5 août 2022
Les interprètes : David Petrlik, David Moreau, Paul Zientara, Lise Berthaud, Maxime Quennesson, Stéphanie Huang
JOHANNES BRAHMS
Sextuor à cordes n° 2 op. 36
« Ici, je me suis délivré de mon dernier amour. » Cette phrase énigmatique de Johannes Brahms se rapporte au Sextuor à cordes op. 36, conçu essentiellement pendant un été 1864 passé dans le cadre verdoyant et tranquille de Baden-Baden. L’amour en question se nomme Agathe von Siebold, jeune soprano que le compositeur avait rencontrée à Göttingen six ans plus tôt, lors de l’été 1858. Le coup de foudre fut apparemment si intense que des serments furent secrètement échangés… Brahms finit toutefois par quitter brusquement Göttingen et sa jeune promise, mettant un terme à leur idylle. Celle-ci marqua cependant suffisamment le compositeur pour qu’il y fasse allusion, six ans plus tard, dans la partition qui nous intéresse.
C’est ainsi que l’Allegro non troppo qui ouvre le Sextuor op. 36 comporte, à la fin d’un thème aux allures de valse, une affirmation obsessionnelle de cinq notes, la-sol-la-si-mi, qui dans la notation allemande dictent le prénom de la femme autrefois aimée (A-G-A-H-E). Ce cri du cœur retentit au milieu d’un mouvement étonnant, foisonnant, qui pourrait passer pour joyeusement pastoral s’il n’y avait pas ce bourdonnement inquiétant qui introduit la partition et revient régulièrement ponctuer le discours. Le scherzo qui suit prend des allures de danse hongroise, alternant une partie mélodique au balancement binaire et une valse furieuse aux accents marqués.
Brahms brouille cependant les pistes en croisant habilement écriture populaire (les mordants sur les seconds temps, les pizzicati de l’accompagnement) et contrepoint savant (les cordes se passent ensuite le témoin selon un jeu de relais subtil).

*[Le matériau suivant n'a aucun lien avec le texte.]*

Lemma Epi_loss_pair x r r' : (1 < M)%N ->
  Epi (fun pi => hess (l (pi r)) x *m grad (l (pi r')) x) =
  hess (fullL l) x *m grad (fullL l) x +
  (((r == r')%:R * M%:R - 1) / (2 * (M%:R - 1))) *: grad (trSigma l) x.
Proof.
move=> hM; have hM0 : M%:R != 0 :> R by rewrite pnatr_eq0 gtn_eqF // ltnW.
have hM1 : M%:R - 1 != 0 :> R by rewrite subr_eq0 pnatr_eq1 gtn_eqF.
rewrite grad_trSigma // hess_fullL // grad_fullL //.
pose F s t := hess (l s) x *m grad (l t) x.
case: eqP => [<-|/eqP hr].
  rewrite (Epi_pair_diag F) mean_mul_diag ?(ltnW hM) // scalerA.
  by congr (_ + _ *: _); rewrite /= mulr1n; field; apply/andP.
rewrite (Epi_pair_offdiag F) // mean_mul_offdiag ?(ltnW hM) // !scalerA -scaleNr.
have -> : M.-1%:R = M%:R - 1 :> R by rewrite -[in RHS](prednK (ltnW hM)) -natr1 addrK.
by congr (_ + _ *: _); rewrite /= mul0r; field; apply/andP.
Qed.

End BatchProducts.

Lemma in_batch_unique (B a c r : nat) :
  (a * B <= r < a * B + B)%N -> (c * B <= r < c * B + B)%N -> a = c.
Proof. by move=> /andP [h1 h2] /andP [h3 h4]; nia. Qed.

Lemma sum_batchE (W : nmodType) (N B a : nat) (F : nat -> W) : (a < N)%N ->
  \sum_(r < N * B | (a * B <= r < a * B + B)%N) F r = \sum_(a * B <= r < a * B + B) F r.
Proof.
move=> ha; have hle : (a * B + B <= N * B)%N by rewrite addnC -mulSn leq_mul2r ha orbT.
rewrite [RHS](big_nat_widen _ _ _ _ _ hle) [RHS](big_nat_widenl _ _ _ _ _ (leq0n (a * B))).
rewrite -(big_mkord (fun r => (a * B <= r < a * B + B)%N)); apply: eq_bigl => r.
by rewrite andbC.
Qed.

Lemma sum_batch_const (W : nmodType) (N B a : nat) (w : W) : (a < N)%N ->
  \sum_(r < N * B | (a * B <= r < a * B + B)%N) w = w *+ B.
Proof. by move=> ha; rewrite (@sum_batchE _ N B a (fun=> w)) // sumr_const_nat addKn. Qed.

Lemma sum_batch_pairs_eq (R : numDomainType) (N B a c : nat) : (a < N)%N -> (c < N)%N ->
  \sum_(r < N * B | (a * B <= r < a * B + B)%N)
    \sum_(r' < N * B | (c * B <= r' < c * B + B)%N) ((r == r')%:R : R) = (a == c)%:R * B%:R.
Proof.
move=> ha hc; rewrite -[B%:R](sum_batch_const _ _ ha) mulr_sumr; apply: eq_bigr => r hr.
rewrite (@sum_batchE _ N B c (fun r' => ((nat_of_ord r == r')%:R : R))) //.
rewrite (eq_bigr (fun r' => if r' == nat_of_ord r then 1 else 0)); last first.
  by move=> r' _; rewrite eq_sym; case: eqP.
rewrite -big_mkcond big_nat1_eq mulr1.
case: ifP => [/(in_batch_unique hr) -> | hrc]; first by rewrite eqxx.
by case: eqP hr hrc => // <- ->.
Qed.

Lemma Epi_batch_product (R : realType) (d N B : nat) (l : 'I_(N * B) -> 'cV[R]_d -> R)
  (hl : forall s, twice_differentiable (l s)) (a c : nat) (x : 'cV[R]_d) :
  (1 < N * B)%N -> (a < N)%N -> (c < N)%N ->
  Epi (fun pi => hess (batchL B l pi a) x *m grad (batchL B l pi c) x) =
  hess (fullL l) x *m grad (fullL l) x +
  (((a == c)%:R * N%:R - 1) / (2 * ((N * B)%:R - 1))) *: grad (trSigma l) x.
Proof.
move=> hM ha hc; set k := (2 * ((N * B)%:R - 1) : R)^-1.
have hB : B%:R != 0 :> R by rewrite pnatr_eq0 -lt0n; case: (B) hM; rewrite ?muln0.
have -> : (fun pi => hess (batchL B l pi a) x *m grad (batchL B l pi c) x) =
    (fun pi => (B%:R ^-2) *: \sum_(r < N * B | (a * B <= r < a * B + B)%N)
       \sum_(r' < N * B | (c * B <= r' < c * B + B)%N) hess (l (pi r)) x *m grad (l (pi r')) x).
  apply/funext => pi; rewrite hess_batchL // grad_batchL // -scalemxAl -scalemxAr scalerA.
  by rewrite -expr2 exprVn mulmx_suml; under eq_bigr do rewrite mulmx_sumr.
rewrite EpiZ Epi_sum.
under eq_bigr do rewrite Epi_sum; under eq_bigr do under eq_bigr do rewrite Epi_loss_pair //.
under eq_bigr do rewrite big_split /= -scaler_suml (sum_batch_const _ _ hc).
rewrite big_split /= -scaler_suml (sum_batch_const _ _ ha) -mulrnA -[_ *+ (B * B)]scaler_nat.
have -> : \sum_(r < N * B | (a * B <= r < a * B + B)%N)
    \sum_(r' < N * B | (c * B <= r' < c * B + B)%N)
      (((r == r')%:R * (N * B)%:R - 1) / (2 * ((N * B)%:R - 1))) =
    ((a == c)%:R * B%:R * (N * B)%:R - (B * B)%:R) * k.
  under eq_bigr do rewrite -mulr_suml sumrB -mulr_suml sum_batch_const //.
  by rewrite -mulr_suml sumrB -mulr_suml sum_batch_pairs_eq // sum_batch_const // -mulrnA.
rewrite scalerDr !scalerA natrM; congr (_ + _ *: _).
  by rewrite -[RHS]scale1r; congr (_ *: _); field.
by rewrite natrM; field.
Qed.

(** * Momentum weights *)

Definition momentum_sum (R : pzRingType) (W : lmodType R) (beta : R) (n : nat)
    (F : nat -> nat -> W) : W :=
  - beta *: \sum_(0 <= b < n) (beta ^+ b *:
      \sum_(1 <= l' < b.+2) \sum_(0 <= b' < (n - l').+1) (beta ^+ b' *: F (n - 1 - b)%N (n - l' - b')%N)).

Lemma c2E (R : realType) (d : nat) (beta : R) (n B : nat) (l : 'I_(n.+1 * B) -> 'cV[R]_d -> R) pi x :
  c2 beta l pi x =
  momentum_sum beta n (fun a c => hess (batchL B l pi a) x *m grad (batchL B l pi c) x).
Proof. by []. Qed.

Section MomentumSum.
Variables (R : realType) (W : lmodType R) (beta : R) (n : nat).

Lemma eq_momentum_sum (F G : nat -> nat -> W) :
  (forall a c, (a <= n)%N -> (c <= n)%N -> F a c = G a c) ->
  momentum_sum beta n F = momentum_sum beta n G.
Proof.
move=> eqFG; congr (_ *: _); apply: eq_big_nat => b /andP [_ hb]; congr (_ *: _).
apply: eq_bigr => l' _; apply: eq_bigr => b' _; congr (_ *: _); apply: eqFG; lia.
Qed.

Lemma momentum_sumD (F G : nat -> nat -> W) :
  momentum_sum beta n (fun a c => F a c + G a c) = momentum_sum beta n F + momentum_sum beta n G.
Proof.
rewrite /momentum_sum -scalerDr -big_split /=; congr (_ *: _); apply: eq_bigr => b _.
rewrite -scalerDr -big_split /=; congr (_ *: _); apply: eq_bigr => l' _.
by rewrite -big_split /=; apply: eq_bigr => b' _; rewrite scalerDr.
Qed.

Lemma momentum_sumZl (f : nat -> nat -> R) (X : W) :
  momentum_sum beta n (fun a c => f a c *: X) = momentum_sum beta n f *: X.
Proof.
rewrite /momentum_sum -scalerA scaler_suml; congr (_ *: _); apply: eq_bigr => b _.
rewrite -scalerA scaler_suml; congr (_ *: _); apply: eq_bigr => l' _.
by rewrite scaler_suml; apply: eq_bigr => b' _; rewrite scalerA.
Qed.

End MomentumSum.

Lemma Epi_momentum_sum (R : realType) (d M : nat) (beta : R) (n : nat)
    (F : 'S_M -> nat -> nat -> 'cV[R]_d) :
  Epi (fun pi => momentum_sum beta n (F pi)) =
  momentum_sum beta n (fun a c => Epi (fun pi => F pi a c)).
Proof.
rewrite /momentum_sum EpiZ Epi_sum; congr (_ *: _); apply: eq_bigr => b _.
rewrite EpiZ Epi_sum; congr (_ *: _); apply: eq_bigr => l' _.
rewrite Epi_sum; apply: eq_bigr => b' _; exact: EpiZ.
Qed.

Lemma exprD_double (R : pzSemiRingType) (x : R) k i : x ^+ (2 * k + i) = (x ^+ k) ^+ 2 * x ^+ i.
Proof. by rewrite -exprM -exprD mulnC. Qed.

Section MomentumWeights.
Variables (R : realType) (be : R).
Local Notation geom m := (\sum_(i < m) be ^+ i).

Lemma geom_sumE m : (1 - be) * geom m = 1 - be ^+ m.
Proof. by rewrite -opprB mulNr -subrX1 opprB. Qed.

Lemma geom_sum_rev b : \sum_(1 <= l' < b.+2) be ^+ (b.+1 - l') = geom b.+1.
Proof.
rewrite big_add1 /= big_mkord (reindex_inj rev_ord_inj) /=; apply: eq_bigr => i _.
by rewrite subSS subKn // -ltnS.
Qed.

Let sum_diag_weight n : \sum_(0 <= b < n) be ^+ b * \sum_(1 <= l' < b.+2)
    \sum_(0 <= b' < (n - l').+1) be ^+ b' * ((n - 1 - b)%N == (n - l' - b')%N)%:R =
  \sum_(b < n) be ^+ b * geom b.+1.
Proof.
rewrite big_mkord; apply: eq_bigr => b _; have hb := ltn_ord b.
rewrite -geom_sum_rev; congr (_ * _).
apply: eq_big_nat => l' /andP [hl1 hl2].
rewrite (eq_big_nat _ _ (F2 := fun b' => if b' == (b.+1 - l')%N then be ^+ b' else 0)).
  by rewrite -big_mkcond big_nat1_eq ifT //; apply/andP; lia.
move=> b' /andP [_ hb']; have -> : ((n - 1 - b)%N == (n - l' - b')%N) = (b' == (b.+1 - l')%N).
  by apply/eqP/eqP; lia.
by case: eqP; rewrite ?mulr1 ?mulr0.
Qed.

Let sum_total_weight n : (1 - be) * \sum_(0 <= b < n) be ^+ b * \sum_(1 <= l' < b.+2)
    \sum_(0 <= b' < (n - l').+1) be ^+ b' =
  \sum_(b < n) b.+1%:R * be ^+ b - be ^+ n * \sum_(b < n) geom b.+1.
Proof.
rewrite big_mkord !mulr_sumr -sumrB; apply: eq_bigr => b _; have hb := ltn_ord b.
have inner : (1 - be) * \sum_(1 <= l' < b.+2) \sum_(0 <= b' < (n - l').+1) be ^+ b' =
    b.+1%:R - \sum_(1 <= l' < b.+2) be ^+ (n - l').+1.
  rewrite mulr_sumr (eq_bigr _ (fun l' _ => etrans (congr1 _ (big_mkord _ _)) (geom_sumE _))).
  by rewrite sumrB sumr_const_nat subn1.
have shift : be ^+ b * \sum_(1 <= l' < b.+2) be ^+ (n - l').+1 = be ^+ n * geom b.+1.
  rewrite -geom_sum_rev !mulr_sumr; apply: eq_big_nat => l' /andP [hl1 hl2].
  by rewrite -!exprD; congr (_ ^+ _); lia.
by rewrite mulrCA inner mulrBr shift mulrC.
Qed.

Let sum_n_expr n : (\sum_(b < n) b.+1%:R * be ^+ b) * (1 - be) ^+ 2 =
  1 - n.+1%:R * be ^+ n + n%:R * be ^+ n.+1.
Proof.
elim: n => [|n IH]; first by rewrite big_ord0 mul0r expr0 mul1r mul0r subrr addr0.
rewrite big_ord_recr /= mulrDl IH !exprS -!natr1; ring.
Qed.

Let sum_geom n : (\sum_(b < n) geom b.+1) * (1 - be) ^+ 2 = n%:R * (1 - be) - be + be ^+ n.+1.
Proof.
elim: n => [|n IH]; first by rewrite big_ord0 mul0r mul0r sub0r expr1 addrC subrr.
rewrite big_ord_recr /= mulrDl IH.
have -> : geom n.+1 * (1 - be) ^+ 2 = (1 - be) * ((1 - be) * geom n.+1) by ring.
rewrite geom_sumE !exprS -!natr1; ring.
Qed.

En guise de mouvement lent, Brahms adopte ensuite une forme en variations, architecture pour laquelle il montrera tou- jours une prédilection, depuis ses ouvrages élaborés à partir de thèmes de Haendel et Haydn jusqu’à la passacaille conclusive de sa dernière symphonie. Mais, comme dans le scherzo, le compositeur réinvente la forme en utilisant un thème de départ déjà ornementé et au cheminement harmonique aventureux, ce qui lui permet de transformer le petit train bien organisé des variations en chant continu, libre et rêveur. À la façon d’une pièce d’orgue sacrée, le mouvement s’achève sur une impressionnante pédale grave, le second violoncelle tenant pendant huit mesures le mi sur lequel se conclura la pièce. Cette page introspective est suivie d’un finale enlevé, avec une écriture sautillante qui rappelle les scherzos mendelssohniens et des passages chantants aux accents populaires. Une section plus animée encore conclut avec effervescence cette œuvre qui impressionnera les critiques le jour de sa première audition viennoise : « le sextuor vient de la main et de l’esprit, bien que d’ardentes pulsations du cœur s’y fassent parfois entendre », écrira très justement Karl Eduard Schelle dans Die Presse.